His comments came two days after Wells Fargo & Co sold $12.25 billion in stock, raising money to help it exit the government's Troubled Asset Relief Program.
Within the past week, Bank of America Corp repaid bailout funds, and Wells Fargo and Citigroup Inc announced plans to do so.
Rohr said Pittsburgh-based PNC is talking to regulators and has not been pressured to repay the money it took from TARP.
"We'll pay it back next year for sure," he said, but he declined to specify when.
PNC received government aid to help fund its acquisition of Cleveland-based National City Corp at the end of last year.
The fifth-largest U.S. bank by assets, PNC has been regarded as one of the strongest banks during the financial crisis.

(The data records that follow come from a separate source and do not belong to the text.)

Lemma flip_refl_fixes (y a : C) : onS1 y -> onS1 a ->
  invariant (flip c y) (refl a) -> refl a y = y.
Proof.
  intros Hy Ha Ia. apply NNPP. intros F.
  apply (flip_invariant_moved c y _ Ia Hy F).
  assert (Ery : c (rot r y) = c y) by auto.
  destruct (Ceq_dec (rot r y) (refl a y)) as [<-|N]; [exact Ery|].
  rewrite <- Ery, <- (flip_refl_off c y a (rot r y)); auto using onS1_rot.
  - replace (refl a y) with (rot r (refl a (rot r y))).
    + apply Ir. auto using onS1_refl, onS1_rot.
    + rewrite !refl_onS1 by auto using onS1_rot. unfold rot.
      field. split; auto using onS1_neq0.
  - intros E. exact (Nr (rot_fixed r y Hy E)).
Qed.

End RotationSymmetric.

Lemma invariant_of_flip_refl_fixed (c : coloring) (y a : C) : onS1 a -> onS1 y ->
  invariant (flip c y) (refl a) -> refl a y = y -> invariant c (refl a).
Proof.
  intros Ha Hy I F p Hp. destruct (Ceq_dec p y) as [->|N]; [now rewrite F|].
  apply (flip_refl_off c y a); auto. now rewrite F.
Qed.

Lemma constant_of_rot_symmetric (c : coloring) : rot_symmetric c ->
  (forall e, onS1 e -> symmetric (flip c e)) -> forall p q, onS1 p -> onS1 q -> c p = c q.
Proof.
  intros [r [Hr [Nr Ir]]] Hsym. apply constant_of_cofinitely_refl. exists [].
  intros a' Ha' _. destruct (onS1_sqrt a' Ha') as [y [Hy Ey]].
  destruct (Hsym y Hy) as [Rs | [a [Ha Ia]]].
  - exfalso. exact (flip_not_rot_symmetric c r Hr Nr Ir y Hy Rs).
  - pose proof (flip_refl_fixes c r Hr Nr Ir y a Hy Ha Ia) as F.
    rewrite <- Ey, <- (refl_eq a y y Hy F).
    exact (invariant_of_flip_refl_fixed c y a Ha Hy Ia F).
Qed.

Lemma rot_flip_partner (c : coloring) (x y s t : C) :
  onS1 x -> onS1 y -> onS1 s -> onS1 t -> s <> 1 -> t <> 1 ->
  invariant (flip c x) (rot s) -> invariant (flip c y) (rot t) ->
  y <> x -> rot s y <> x -> rot t y = x \/ rot t y = x / s.
Proof.
  intros Hx Hy Hs Ht Ns Nt Is It Nyx Nsy. apply NNPP. intros H.
  apply not_or_and in H as [N1 N2].
  assert (N2' : rot s (rot t y) <> x).
  { intros E. apply N2. rewrite <- E. unfold rot. field. auto using onS1_neq0. }
  assert (Ety : c (rot s (rot t y)) = c (rot t y))
    by (apply (flip_invariant_off c x); auto using onS1_rot).
  destruct (Ceq_dec (rot t (rot s y)) y) as [E|E].
  - (* then [s t = 1], and the point [s x] is carried to [x] by [rot t] *)
    assert (Etx : rot t (rot s x) = x).
    { unfold rot in *. replace (t * (s * x)) with (t * (s * y) / y * x)
        by (field; auto using onS1_neq0). rewrite E. field. auto using onS1_neq0. }
    assert (Nsx : rot s x <> y) by (intros E'; apply N1; now rewrite <- E').
    apply (flip_invariant_moved c x _ Is Hx); [intros E'; exact (Ns (rot_fixed s x Hx E'))|].
    rewrite <- Etx at 2. symmetry. apply (flip_invariant_off c y); auto using onS1_rot.
    rewrite Etx. auto.
  - apply (flip_invariant_moved c y _ It Hy); [intros E'; exact (Nt (rot_fixed t y Hy E'))|].
    rewrite <- Ety, <- (flip_invariant_off c x (rot s) y); auto.
    rewrite <- (flip_invariant_off c y (rot t) (rot s y)); auto using onS1_rot.
    + f_equal. unfold rot. ring.
    + intros E'. exact (Ns (rot_fixed s y Hy E')).
Qed.

Lemma rot_flip_square (c : coloring) (x y s t : C) :
  onS1 x -> onS1 y -> onS1 s -> onS1 t -> s <> 1 -> t <> 1 ->
  invariant (flip c x) (rot s) -> invariant (flip c y) (rot t) ->
  y <> x -> y <> s * x -> y <> x / s -> y <> - x -> y * y = s * x * x \/ y * y = x * x / s.
Proof.
  intros Hx Hy Hs Ht Ns Nt Is It N1 N2 N3 N4.
  pose proof (onS1_neq0 x Hx). pose proof (onS1_neq0 y Hy).
  pose proof (onS1_neq0 s Hs). pose proof (onS1_neq0 t Ht).
  assert (Nsy : rot s y <> x).
  { intros E. apply N3. rewrite <- E. unfold rot. field. auto. }
  destruct (rot_flip_partner c x y s t Hx Hy Hs Ht Ns Nt Is It N1 Nsy) as [E1|E1];
    unfold rot in E1;
    (destruct (Ceq_dec (t * x) y) as [E2|E2];
     [| destruct (rot_flip_partner c y x t s Hy Hx Ht Hs Nt Ns It Is (not_eq_sym N1) E2)
          as [E3|E3]; unfold rot in E3; [now contradiction N2|] ]).
  - exfalso. assert (T : t * t = -1 * -1).
    { replace (t * t) with (t * (t * y) / y) by (field; auto). rewrite E1, E2. field. auto. }
    destruct (Csqr_eq t (-1) T) as [T'|T'].
    + apply N4. rewrite <- E1, T'. ring.
    + apply Nt. rewrite T'. apply injective_projections; simpl; ring.
  - left. transitivity (s * x * (t * y)); [rewrite E3; field; auto | now rewrite E1].
  - right. transitivity (x * (t * y)); [rewrite <- E2 at 1; ring | rewrite E1; field; auto].
  - exfalso. assert (Y : y = (s * t) * x).
    { replace y with (y / t * t) by (field; auto). rewrite <- E3. ring. }
    assert (T : (s * t) * (s * t) = 1 * 1).
    { replace ((s * t) * (s * t)) with (s * (t * y) / x) by (rewrite Y; field; auto).
      rewrite E1. field. auto. }
    destruct (Csqr_eq (s * t) 1 T) as [T'|T']; rewrite T' in Y.
    + apply N1. rewrite Y. ring.
    + apply N4. rewrite Y. ring.
Qed.

Lemma cofinitely_flip_not_rot_symmetric (c : coloring) :
  cofinitely (fun y => ~ rot_symmetric (flip c y)).
Proof.
  destruct (classic (exists x, onS1 x /\ rot_symmetric (flip c x)))
    as [[x [Hx [s [Hs [Ns Is]]]]]|N].
  - apply (cofinitely_mono (fun y => ~ In y [x; s * x; x / s; - x] /\
                                     y * y <> s * x * x /\ y * y <> x * x / s)).
    + intros y Hy [Ny [Q1 Q2]] [t [Ht [Nt It]]]. simpl in Ny.
      destruct (rot_flip_square c x y s t); auto; intros E; apply Ny; auto.
    + repeat apply cofinitely_and; auto using cofinitely_notin, cofinitely_Csqr_neq.
  - exists []. intros y Hy _ Ry. apply N. eauto.
Qed.

Definition refl_partner (c : coloring) (y a : C) : Prop :=
  onS1 a /\ invariant (flip c y) (refl a) /\ refl a y <> y.

Lemma refl_swap (a p q : C) : onS1 a -> onS1 p -> refl a p = q -> p = refl a q.
Proof. intros Ha Hp <-. now rewrite refl_involutive. Qed.

Lemma refl_refl_swap (a b p q : C) : onS1 a -> onS1 b -> onS1 p ->
  refl b (refl a p) = q -> p = refl a (refl b q).
Proof.
  intros Ha Hb Hp <-. rewrite refl_involutive; auto using onS1_refl.
  now rewrite refl_involutive.
Qed.

Lemma refl_refl_fixed (a b p : C) : onS1 a -> onS1 p -> refl b (refl a p) = p -> b = a.
Proof.
  intros Ha Hp E. rewrite refl_refl in E by auto. apply rot_fixed in E; auto.
  replace b with (b / a * a) by (field; auto using onS1_neq0). rewrite E. ring.
Qed.

Lemma invariant_refl_refl (c : coloring) (a b : C) : onS1 b ->
  invariant c (refl a) -> invariant c (refl b) -> invariant c (rot (a / b)).
Proof.
  intros Hb Ia Ib p Hp. rewrite <- refl_refl by auto. rewrite Ia by auto using onS1_refl. auto.
Qed.

Lemma cofinitely_not_refl_square (c : coloring) : ~ rot_symmetric c ->
  cofinitely (fun y => ~ invariant c (refl (y * y))).
Proof.
  intros NR. destruct (classic (exists a, onS1 a /\ invariant c (refl a))) as [[a [Ha Ia]]|N].
  - apply (cofinitely_mono (fun y => y * y <> a)); [|apply cofinitely_Csqr_neq].
    intros y Hy Ny I. apply NR. exists (y * y / a). repeat split.
    + apply onS1_div; auto using onS1_mult.
    + intros E. apply Ny. replace (y * y) with (y * y / a * a) by (field; auto using onS1_neq0).
      rewrite E. ring.
    + now apply invariant_refl_refl.
  - exists []. intros y Hy _ I. apply N. exists (y * y). auto using onS1_mult.
Qed.

Lemma cofinitely_refl_partner (c : coloring) : ~ rot_symmetric c ->
  (forall e, onS1 e -> symmetric (flip c e)) -> cofinitely (fun y => exists a, refl_partner c y a).
Proof.
  intros NR Hsym.
  refine (cofinitely_mono _ _ _ (cofinitely_and _ _ (cofinitely_flip_not_rot_symmetric c)
                                                   (cofinitely_not_refl_square c NR))).
  intros y Hy [Ry Iy]. destruct (Hsym y Hy) as [Rs | [a [Ha Ia]]]; [contradiction|].
  exists a. repeat split; auto. intros F. apply Iy.
  rewrite <- (refl_eq a y y Hy F). exact (invariant_of_flip_refl_fixed c y a Ha Hy Ia F).
Qed.

Lemma refl_partner_unique (c : coloring) (x y a : C) : onS1 x -> onS1 y ->
  refl_partner c x a -> invariant (flip c y) (refl a) -> y <> x -> y <> refl a x -> False.
Proof.
  intros Hx Hy [Ha [Ix F]] Iy N1 N2. apply (flip_invariant_moved c x _ Ix Hx F).
  apply (flip_refl_off c y a); auto.
  intros E. apply N2. apply refl_swap; auto.
Qed.

Lemma cofinitely_not_refl_partner (c : coloring) (a : C) :
  cofinitely (fun y => ~ refl_partner c y a).
Proof.
  destruct (classic (exists x, onS1 x /\ refl_partner c x a)) as [[x [Hx Px]]|N].
  - exists [x; refl a x]. intros y Hy Ny [_ [Iy _]].
    apply (refl_partner_unique c x y a); auto; intros E; apply Ny; simpl; auto.
  - exists []. intros y Hy _ Py. apply N. eauto.
Qed.

Lemma refl_partner_sym (c : coloring) (y w : C) : onS1 y ->
  refl_partner c y w -> refl_partner c (refl w y) w.
Proof.
  intros Hy [Hw [I F]]. set (s := refl w y) in *.
  assert (Hs : onS1 s) by now apply onS1_refl.
  assert (Ews : refl w s = y) by now apply refl_involutive.
  assert (K : c s <> c y) by now apply (flip_invariant_moved c y).
  split; [exact Hw | split; [|congruence]].
  intros p Hp. unfold flip.
  destruct (Ceq_dec p y) as [->|Py]; [|destruct (Ceq_dec p s) as [->|Ps]].
  - fold s. destruct (Ceq_dec s s), (Ceq_dec y s); try congruence.
    symmetry. now apply neq_swap_color.
  - rewrite Ews. destruct (Ceq_dec y s), (Ceq_dec s s); try congruence.
    now apply neq_swap_color.
  - destruct (Ceq_dec (refl w p) s) as [E|_]; [apply refl_swap in E; auto; congruence|].
    apply (flip_refl_off c y w); auto.
Qed.

Definition refl_image_candidates (a b e x : C) : list C :=
  [x; refl b x; refl b e; refl b (refl a e)].

Lemma refl_neq (a p q : C) : onS1 a -> onS1 p -> p <> refl a q -> refl a p <> q.
Proof. intros Ha Hp N E. apply N. now apply refl_swap. Qed.

Lemma refl_partner_chain (c : coloring) (a b e x y w : C) : onS1 e -> onS1 x -> onS1 y ->
  refl_partner c e a -> refl_partner c x b -> refl_partner c y w -> a <> b ->
  ~ In y (refl_image_candidates b a x e) ->
  In (refl w y) (refl_image_candidates a b e x) \/ refl b (refl a y) = refl w y.
Proof.
  intros He Hx Hy [Ha [Ia _]] [Hb [Ib _]] [Hw [Iw Fw]] Nab Ny.
  apply NNPP. intros H. apply not_or_and in H as [Nh Nbay].
  set (h := refl w y) in *.
  assert (Hh : onS1 h) by now apply onS1_refl.
  assert (Ny' : y <> e /\ y <> refl a e /\ y <> refl a x /\ y <> refl a (refl b x))
    by (repeat split; intros E; apply Ny; rewrite E; simpl; auto).
  assert (Nh' : h <> x /\ h <> refl b x /\ h <> refl b e /\ h <> refl b (refl a e))
    by (repeat split; intros E; apply Nh; rewrite E; simpl; auto).
  destruct Ny' as [N1 [N2 [N3 N4]]], Nh' as [M1 [M2 [M3 M4]]].
  apply (flip_invariant_moved c y _ Iw Hy Fw). fold h.
  (* [y] and [h] are both carried to [a (b h) = w (b (a y))] without changing colour *)
  assert (T : refl a (refl b h) = refl w (refl b (refl a y))).
  { unfold h. rewrite !refl_onS1 by auto using onS1_refl.
    field. repeat split; auto using onS1_neq0. }
  assert (Hay : onS1 (refl a y)) by now apply onS1_refl.
  assert (Hbay : onS1 (refl b (refl a y))) by now apply onS1_refl.
  assert (Hbh : onS1 (refl b h)) by now apply onS1_refl.
  rewrite <- (flip_refl_off c x b h), <- (flip_refl_off c e a (refl b h)), T by auto using refl_neq.
  rewrite (flip_refl_off c y w), (flip_refl_off c x b), (flip_refl_off c e a);
    auto using refl_neq.
  intros E. exact (Nab (eq_sym (refl_refl_fixed a b y Ha Hy E))).
Qed.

Rohr said that while PNC has been busy integrating National City, he expects to expand further.
PNC will likely participate in the future in auctions for failed banks held by the Federal Deposit Insurance Corp, he said.
"We're always looking to try to expand market share in certain of our markets," he said, noting the bank will target places where it has less market share, such as in Florida, St. Louis and Chicago.
Separately, Rohr said he believes the economy is "bottoming out" but he expects a slow recovery, with construction and real estate in particular likely to struggle through to 2011.
"Unemployment is still at 10 percent so it doesn't feel like we're doing great. It still feels like we're in a recession," he said.
But he added, "I think we will have a recovery. I just think it will be slow."